Creating Robust and Generalizable AI Models with NVIDIA FLARE

Originally published at: Creating Robust and Generalizable AI Models with NVIDIA FLARE | NVIDIA Technical Blog

NVIDIA FLARE v2.0 is an open-source federated learning SDK that is making it easier for data scientists to collaborate to develop more generalizable robust AI models by just sharing model weights rather than private data.

Hello everyone, I have recently came across NVIDIA FLARE framework, and I like it. Unfortunately, when I was trying to simulate an experiment with NVIDIA FLARE on kubernetes (k8s), I faced “CrashLoopBackOff” error from k8s. Also, I could not find any promising results on google.

Additional Info: I was trying this on my private cluster.
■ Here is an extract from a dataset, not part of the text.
(* Let $L$ be a modular link with labelled code words $w_1,\dots,w_c$ as in the context, with total period $\overline{n}$, embedded in the Lorenz template. For each $i\in\{1,\dots,\overline{n}\}$ let $s_i$ be the infinite sequence of integers \[ s_i=(l_i,\,-k_{i+1},\,l_{i+1},\,-k_{i+2},\,l_{i+2},\,\dots), \] with indices taken cyclically within the word containing $x_i$. Then the order within the full $x$-bunch, i.e. the left-to-right order of the $\overline{n}$ $x$-turns $(x_i,k_i)$, $i=1,\dots,\overline{n}$, in the split template, is obtained by ordering the labelled bases $x_1,\dots,x_{\overline{n}}$ so that $x_i$ lies to the left of $x_j$ whenever $s_i$ is lexicographically smaller than $s_j$ (in particular, if $l_1,\dots,l_{\overline{n}}$ are pairwise distinct, the order within the full $x$-bunch is the order of the $x_i$ by increasing $l_i$; and if $\overline{n}=1$ it is $(x_1)$). Symmetrically, the order within the full $y$-bunch is obtained by ordering the labelled $y$-bases $y_i$ according to the lexicographic order of the sequences $(-k_{i+1},\,l_{i+1},\,-k_{i+2},\,l_{i+2},\dots)$, i.e. primarily by descending order of the following $x$-exponent, then ascending order of the next $y$-exponent, and so on.
   Context: A modular link $L$ with $c$ components is given by distinct cyclic permutation classes of positive aperiodic words, written with labelled bases as $w_r=x_{\Sigma(r)+1}^{k_{\Sigma(r)+1}}y_{\Sigma(r)+1}^{l_{\Sigma(r)+1}}\cdots x_{\Sigma(r)+n_r}^{k_{\Sigma(r)+n_r}}y_{\Sigma(r)+n_r}^{l_{\Sigma(r)+n_r}}$, where $\Sigma(r)=\sum_{q<r}n_q$, all exponents are positive integers, and $\overline{n}=\sum_r n_r$. Subscripts of bases and exponents of $w_r$ are read cyclically in $\{\Sigma(r)+1,\dots,\Sigma(r)+n_r\}$. The link is embedded in the Lorenz template; cutting along the branch line gives the split template with an $x$-split line (left ear) and $y$-split line (right ear) on top and the branch line at the bottom, with a marked point $0$ on the branch line between the two ears. Each letter of a word corresponds to a strand (''turn''): an $x$-turn is the overcrossing strand through the left ear corresponding to an $x$-letter, a $y$-turn the undercrossing strand through the right ear corresponding to a $y$-letter. The $(x_i,j)$-turn is the turn of the $j$-th letter of the block $x_i^{k_i}$. The full $x$-bunch is the ordered $\overline{n}$-tuple of the $\overline{n}$ rightmost $x$-turns in the template, namely the $x$-turns that start left of $0$ and end right of $0$ on the branch line; these are exactly the turns $(x_i,k_i)$, $i=1,\dots,\overline{n}$. The order within the full $x$-bunch is the tuple of their labelled bases read from left to right in the split template. The full $y$-bunch and its order are defined analogously with the $\overline{n}$ leftmost $y$-turns $(y_i,l_i)$. *)

From mathcomp Require Import all_boot all_order all_algebra.
Set Implicit Arguments. Unset Strict Implicit. Unset Printing Implicit Defensive.
Import Order.TTheory GRing.Theory Num.Theory.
Also, I suspect that “CrashLoopBackoff” is due to the fl process was in sleeping state instead of running state. To be confident, I have deployed a hello world flask app along with fl_server using the same pod and by exposing an extra port. This time, there is no “CrashLoopBackoff” error, and I deduce that this is because there is at least one process (Flask App) which is in running state. Similarly, I have followed the same workaround for the client pods too, and it worked. Now, the clients authenticated to server, but I could not perform federation using FLAdminAPI. upload_app method returned “{“details”:{“message”:“Exception: Failed to communicate with Admin Server admin on 3002: [Errno 2] No such file or directory”}” response. On top of this, all this has been merely trail and error but could not find any promising resources that explain how to use Nvidia FLARE with k8s, so I am hoping for some resources.